As a more "casual" user of JSON, this part in particular resonated with me.
For the majority of use cases, I can't imagine that most users have a need
for the degree of precision desired by the OP of the previous topic. As far
as I'm aware ``json.dumps()`` serves adequately as a JSON stream for most
users. For context, a recent JSON file that I created using the json
module: https://github.com/python/devguide/pull/517. It's quite simple and
has a very small number of data types.
...
1.  Of those who don't know, how many have need to know, and will
    acknowledge that eed?  (If they don't admit it, good luck getting
    them to change their programs!)
Prior to this discussion, I'll admit that I had no idea about decimals
converting to floats when JSONs were deserialized. But as stated in the
question above, I really never had a need to know. For pretty much any time
I've ever used JSON, floats provided a "good enough" degree of precision.

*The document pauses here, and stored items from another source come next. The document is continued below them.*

Lemma subgroupD x y : A x -> A y -> A (x + y).
Proof.
case: hA => A0 AB Ax Ay; have -> : x + y = x - (0 - y) by rewrite sub0r opprK.
exact (AB _ _ Ax (AB _ _ A0 Ay)).
Qed.

End Subgroups.

Lemma sumsubB (G : zmodType) n (A : 'I_n -> G -> Prop) x y :
  (forall i, is_subgroup (A i)) -> sumsub A x -> sumsub A y -> sumsub A (x - y).
Proof.
move=> hA [a [Aa ->]] [b [Ab ->]]; exists (fun i => a i - b i).
by split=> [i|]; [exact (subgroupB (hA i) (Aa i) (Ab i)) | rewrite sumrB].
Qed.

Section Valuation.
Variables (G : zmodType) (d : Order.disp_t) (Gam : orderType d) (oo : Gam) (v : G -> Gam).
Hypothesis hv : is_valuation oo v.

Lemma le_oo {g} : g <= oo.
Proof. by case: hv. Qed.

Lemma valuation0 : v 0 = oo.
Proof. by case: hv => _ h _; apply/h. Qed.

Lemma valuation_eq_oo a : v a = oo -> a = 0.
Proof. by case: hv => _ h _ /h. Qed.

Lemma valuationB_ge g a b : g <= v a -> g <= v b -> g <= v (a - b).
Proof. by case: hv => _ _ h ga gb; apply: le_trans (h a b); rewrite le_min ga gb. Qed.

Lemma valuationN a : v (- a) = v a.
Proof.
have le_vN b : v b <= v (- b).
  by rewrite -sub0r; apply: valuationB_ge => //; rewrite valuation0 le_oo.
by apply/le_anti; rewrite le_vN -{2}[a]opprK le_vN.
Qed.

Lemma valuation_subC a b : v (a - b) = v (b - a).
Proof. by rewrite -valuationN opprB. Qed.

Lemma valuationD_ge g a b : g <= v a -> g <= v b -> g <= v (a + b).
Proof. by move=> ga gb; rewrite -[b]opprK; apply: valuationB_ge; rewrite ?valuationN. Qed.

Lemma valuation_eq_of_lt_sub x y : v x < v (x - y) -> v y = v x.
Proof.
move=> lt_x_xy.
have le_xy : v x <= v y.
  by rewrite -[y](subKr x); apply: valuationB_ge => //; apply: ltW.
apply/le_anti; rewrite le_xy andbT leNgt; apply/negP => lt_yx.
have : Order.min (v y) (v (x - y)) <= v (y + (x - y)).
  by apply: valuationD_ge; rewrite ge_min lexx ?orbT.
by rewrite [y + _]addrC subrK leNgt lt_min lt_yx lt_x_xy.
Qed.

Section UpwardClosed.
Variable U : Gam -> Prop.
Hypothesis upU : upward_closed U.

Lemma upward_closedB a b : U (v a) -> U (v b) -> U (v (a - b)).
Proof.
move=> Ua Ub; case: (leP (v a) (v b)) => ab.
  by apply: upU Ua _; apply: valuationB_ge.
by apply: upU Ub _; apply: valuationB_ge => //; apply: ltW.
Qed.

Lemma upward_closedD a b : U (v a) -> U (v b) -> U (v (a + b)).
Proof. by move=> Ua Ub; rewrite -[b]opprK; apply: upward_closedB; rewrite ?valuationN. Qed.

Lemma upward_closed_sumB n (a b : 'I_n -> G) :
  U oo -> (forall i, U (v (a i - b i))) -> U (v (\sum_i a i - \sum_i b i)).
Proof.
move=> Uoo Uab; rewrite -sumrB.
by apply: (big_ind (fun x => U (v x))); rewrite ?valuation0 // => x y; apply: upward_closedD.
Qed.

End UpwardClosed.

Section Balls.
Variable X : G -> Prop.

Definition upball (c : G) (U : Gam -> Prop) : G -> Prop :=
  fun x => X x /\ U (v (x - c)).

Lemma is_ball_upball c U : X c -> U oo -> upward_closed U -> is_ball X v (upball c U).
Proof.
move=> Xc Uoo upU; exists (fun p => p.1 = c /\ U p.2); split.
- by exists (c, oo).
- by move=> p [-> _].
- by exists c => p [-> _]; rewrite /cball subrr valuation0 le_oo.
- move=> x; split=> [[Xx Ux]|[p [[-> Up] [Xx le]]]]; first by exists (c, v (x - c)).
  by split=> //; apply: upU Up le.
Qed.

Lemma upball_sub c c' U U' : upward_closed U -> (forall g, U' g -> U g) ->
  U (v (c - c')) -> forall x, upball c' U' x -> upball c U x.
Proof.
move=> upU U'U Ucc' x [Xx U'x]; split=> //.
by rewrite -(subrBB x c c'); apply: upward_closedB => //; apply: U'U.
Qed.

Lemma ball_upball B : is_ball X v B ->
  exists U z, [/\ upward_closed U, B z & forall w, B w <-> upball z U w].
Proof.
move=> [S [[p0 Sp0] _ [z Sz] defB]].
exists (fun g => exists2 p, S p & p.2 <= g), z; split.
- by move=> g h [p Sp pg] gh; exists p => //; apply: le_trans gh.
- by apply/defB; exists p0; split=> //; apply: Sz.
move=> w; split=> [/defB [p [Sp [Xw le]]]|[Xw [p Sp le]]].
  split=> //; exists p => //; have [_ lez] := Sz p Sp.
  by rewrite -(subrBB w z p.1); apply: valuationB_ge.
apply/defB; exists p; split=> //; split=> //; have [_ lez] := Sz p Sp.
by rewrite -[w](subrK z) -addrA; apply: valuationD_ge.
Qed.

(* Unlike the set [U] of a presentation [upball z U], the radii of a ball are
   determined by the ball alone and grow with it (radius_sub). *)
Definition is_radius (B : G -> Prop) (g : Gam) :=
  forall x y, X x -> B y -> g <= v (x - y) -> B x.

Lemma radius_upward B : upward_closed (is_radius B).
Proof. by move=> g h Rg gh x y Xx By hxy; apply: (Rg x y) => //; apply: le_trans hxy. Qed.

Lemma radius_oo B : is_radius B oo.
Proof.
move=> x y _ By ooxy.
have /valuation_eq_oo/subr0_eq -> // : v (x - y) = oo by apply/le_anti; rewrite ooxy le_oo.
Qed.

Lemma radius_mem B x y : is_ball X v B -> B x -> B y -> is_radius B (v (x - y)).
Proof.
move=> /ball_upball [U [z [upU _ defB]]] /defB [_ Ux] /defB [_ Uy] x' y' Xx' By' le.
have [_ Uy'] := (defB y').1 By'.
have Uxy : U (v (x - y)) by rewrite -(subrBB x y z); apply: upward_closedB.
apply/defB; split=> //; rewrite -[x'](subrK y') -addrA.
by apply: upward_closedD => //; apply: upU Uxy le.
Qed.

(* If [v (y' - y)] is below [g], it is itself a radius of [B'] and smaller
   than [g]; otherwise the radius [g] of [B] applies from [y]. *)
Lemma radius_sub B B' y g : is_ball X v B' -> B y -> (forall x, B x -> B' x) ->
  is_radius B g -> is_radius B' g.
Proof.
move=> ballB' By BB' Rg x y' Xx By' le; case: (leP g (v (y' - y))) => gy.
  apply/BB'/(Rg x y) => //.
  by rewrite -(subrBB x y y'); apply: valuationB_ge; rewrite // valuation_subC.
apply: (radius_mem ballB' By' (BB' _ By)) Xx By' _.
by apply: le_trans le; apply: ltW.
Qed.

Lemma spherically_complete_chain (I : Type) (Q : I -> Prop) (c : I -> G)
    (U : I -> Gam -> Prop) :
  spherically_complete X v -> (forall k, Q k -> X (c k)) ->
  (forall k, upward_closed (U k)) -> (forall k, U k oo) ->
  (forall k l, Q k -> Q l ->
     (forall g, U l g -> U k g) /\ U k (v (c k - c l)) \/
     (forall g, U k g -> U l g) /\ U l (v (c l - c k))) ->
  exists x, X x /\ forall k, Q k -> U k (v (x - c k)).
Proof.
move=> scX Xc upU Uoo chain.
pose N W := exists k, Q k /\ W = upball (c k) (U k).
have nestN : is_nest X v N.
  split=> [W [k [Qk ->]]|W1 W2 [k [Qk ->]] [l [Ql ->]]].
    exact: is_ball_upball (Xc k Qk) (Uoo k) (upU k).
  by case: (chain k l Qk Ql) => [[Ulk Ukl]|[Ukl Ulk]]; [right|left]; apply: upball_sub.
have [x [Xx Nx]] := scX N nestN.
by exists x; split=> // k Qk; case: (Nx _ (ex_intro _ k (conj Qk erefl))).
Qed.

Lemma spherically_complete_optimal_approximation :
  spherically_complete X v -> optimal_approximation X v.
Proof.
move=> scX z.
have [|x [Xx Hx]] := spherically_complete_chain (c := id)
  (U := fun y g => v (z - y) <= g) scX (fun _ Xy => Xy) (fun=> upward_closed_ge)
  (fun=> le_oo).
  move=> a b _ _.
  have le_ab a' b' : v (z - a') <= v (z - b') -> v (z - a') <= v (a' - b').
    move=> ab; rewrite -(subrBB a' b' z).
    by apply: valuationB_ge; rewrite [v (_ - z)]valuation_subC.
  case/orP: (le_total (v (z - a)) (v (z - b))) => ab; [left|right].
    by split=> [g /(le_trans ab)|]; last apply: le_ab.
  by split=> [g /(le_trans ab)|]; last apply: le_ab.
exists x; split=> // y Xy.
by rewrite -(subrBB z x y); apply: valuationB_ge => //; apply: Hx.
Qed.

End Balls.

Arguments radius_upward {X B}.
Arguments radius_oo {X B}.

Section Decompositions.
Variables (n : nat) (A : 'I_n -> G -> Prop).
Hypothesis hA : forall i, is_subgroup (A i).
Hypothesis hsc : forall i, spherically_complete (A i) v.

Lemma decomposition_chain (I : Type) (Q : I -> Prop) (a : I -> 'I_n -> G)
    (U : I -> Gam -> Prop) :
  (forall k, Q k -> forall i, A i (a k i)) ->
  (forall k, upward_closed (U k)) -> (forall k, U k oo) ->
  (forall k l, Q k -> Q l ->
     (forall g, U l g -> U k g) /\ (forall i, U k (v (a k i - a l i))) \/
     (forall g, U k g -> U l g) /\ (forall i, U l (v (a l i - a k i)))) ->
  exists c : 'I_n -> G,
    (forall i, A i (c i)) /\ forall k, Q k -> forall i, U k (v (c i - a k i)).
Proof.
move=> Aa upU Uoo chain.
suff /choice [c Hc] : forall i, exists x, A i x /\ forall k, Q k -> U k (v (x - a k i)).
  by exists c; split=> [i|k Qk i]; have [Ac Uc] := Hc i; [|apply: Uc].
move=> i; apply: spherically_complete_chain => // [k Qk|k l Qk Ql]; first exact: Aa.
by case: (chain k l Qk Ql) => [[? /(_ i)]|[? /(_ i)]]; [left|right].
Qed.

Lemma pseudo_direct_step x : pseudo_direct v oo A -> sumsub A x -> x <> 0 ->
  exists b : 'I_n -> G,
    [/\ forall i, A i (b i), forall i, v x <= v (b i) & v x < v (x - \sum_i b i)].
Proof.
move=> hpd Xx x0; have [b [Ab vb lt]] := hpd x Xx x0.
by exists b; split=> // i; rewrite -(valuation_eq_of_lt_sub lt) vb; apply: bigmin_le.
Qed.

Lemma pseudo_direct_decomposition s : pseudo_direct v oo A -> sumsub A s ->
  exists c : 'I_n -> G,
    [/\ forall i, A i (c i), \sum_i c i = s & forall i, v s <= v (c i)].
Proof.
move=> hpd Ss; pose r (a : 'I_n -> G) := v (s - \sum_i a i).
have r0 : r (fun=> 0) = v s by rewrite /r big1 ?subr0.
have [Q [QP QR Qmax]] := maximal_compatible_family
  (fun a => (forall i, A i (a i)) /\ forall i, v s <= v (a i))
  (fun a b => r a <= r b -> forall i, r a <= v (a i - b i)).
have Q0 : Q (fun=> 0).
  apply: Qmax => [|_ i|a /QP [_ vsa]].
  - by split=> i; [apply: subgroup0 | rewrite valuation0 le_oo].
  - by rewrite subrr valuation0 le_oo.
  - split=> le_r i; rewrite ?subr0 ?sub0r ?valuationN; last by rewrite r0 vsa.
    by apply: le_trans le_r _; rewrite r0 vsa.
have [|c [Ac rc_a]] := decomposition_chain (U := fun a g => r a <= g)
  (fun a Qa => (QP a Qa).1) (fun=> upward_closed_ge) (fun=> le_oo).
  move=> a b Qa Qb; case/orP: (le_total (r a) (r b)) => ab; [left|right].
    by split=> [g|]; [apply: le_trans | apply: QR].
  by split=> [g|]; [apply: le_trans | apply: QR].
have rc a : Q a -> r a <= r c.
  move=> Qa; rewrite /r -(subrBB s (\sum_i c i) (\sum_i a i)).
  exact: valuationB_ge (lexx _) (upward_closed_sumB upward_closed_ge le_oo (rc_a a Qa)).
have vc i : v s <= v (c i) by have := rc_a _ Q0 i; rewrite subr0 r0.
have [e|ne] := eqVneq (\sum_i c i) s; first by exists c; split.
pose t := s - \sum_i c i.
have St : sumsub A t by apply: sumsubB hA Ss _; exists c.
have t0 : t <> 0 by move/eqP; rewrite subr_eq0 eq_sym (negbTE ne).
have [b [Ab vb lt]] := pseudo_direct_step hpd St t0.
pose c' i := c i + b i.
have lt_cc' : r c < r c' by rewrite /r big_split /= opprD addrA.
have vst : v s <= v t by rewrite -r0; apply: rc.
have Qc' : Q c'.
  apply: Qmax => [|_ i|a Qa].
  - split=> i; first by apply: subgroupD.
    by apply: valuationD_ge => //; apply: le_trans vst (vb i).
  - by rewrite subrr valuation0 le_oo.
  - split=> [_ i|/(lt_le_trans lt_cc')]; last by rewrite ltNge rc.
    rewrite /c' opprD addrA; apply: valuationB_ge.
      by rewrite valuation_subC; apply: rc_a.
    exact: le_trans (rc a Qa) (vb i).
by have := rc _ Qc'; rewrite leNgt lt_cc'.
Qed.
End PositiveSemidefinite.

Section DensityPauli.
Variables (C : numClosedFieldType) (n : nat).
Implicit Types (rho : 'M[C]_(2 ^ n)) (s : pstring n).

Lemma density_Xi_ge rho s (c : C) : density_op rho -> c^* = c -> c * c = 1 ->
  0 <= 1 + c * Xi rho s.
Proof.
move=> [psd_rho tr1] c_real cc1; pose Q := 1%:M + c *: pauli_mx C s.
have adjQ : adjmx Q = Q.
  apply/matrixP => i j; rewrite /Q -[in RHS](adjmx_pauli C s) !mxE.
  by rewrite rmorphD rmorphM /= rmorphMn /= conjC1 eq_sym c_real.
have QQ : Q *m Q = 2%:R *: Q.
  rewrite /Q mulmxDl !mulmxDr -!scalemxAl -!scalemxAr !mul1mx !mulmx1 scalerA cc1.
  by rewrite scale1r pauli_mx_sqr scaler_nat mulr2n [c *: _ + 1%:M]addrC addrA.
have := psd_mxtrace_ge0 Q psd_rho.
rewrite adjQ mxtrace_mulC mulmxA QQ mxtrace_mulC -scalemxAr mxtraceZ.
rewrite /Q mulmxDr mulmx1 -scalemxAr mxtraceD mxtraceZ tr1.
by rewrite pmulr_rge0 // ltr0n.
Qed.

Lemma density_normr_Xi_le1 rho s : density_op rho -> `|Xi rho s| ^+ 2 <= 1.
Proof.
move=> dens; have Xi_rho_real : Xi rho s \is Num.real by apply/CrealP/Xi_real/dens.1.1.
have Xi_ge := density_Xi_ge s dens.
rewrite real_normK // -subr_ge0.
have -> : 1 - Xi rho s ^+ 2 = (1 + 1 * Xi rho s) * (1 + -1 * Xi rho s) by ring.
by apply: mulr_ge0; apply: Xi_ge; rewrite ?conjC1 ?conjCN1 ?mulrNN ?mulr1.
Qed.

Lemma density_pnorm2_Xi_le rho : density_op rho -> pnorm2 (Xi rho) <= (2 ^ n)%:R.
Proof.
by move=> dens; rewrite pnorm2_Xi ler_piMr ?ler0n ?hs2_density_le1.
Qed.

End DensityPauli.

Section TopSums.
Variable R : numDomainType.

I'm not saying that just because it isn't useful for me personally that it
shouldn't be added, but I wouldn't be surprised if the majority of users of
the json module had no idea about this issue because it didn't affect them
significantly.
...
For almost all Python applications, a JSON-LD @context specific to
Python's object model and standard builtin types would be enough.
I'm personally not knowledgeable enough about JSON-LD, I've only seen it
mentioned before a few times. But, based on what I can tell from the
examples on https://json-ld.org/playground/ (the "Place" example was
particularly helpful), I could definitely imagine @context being useful.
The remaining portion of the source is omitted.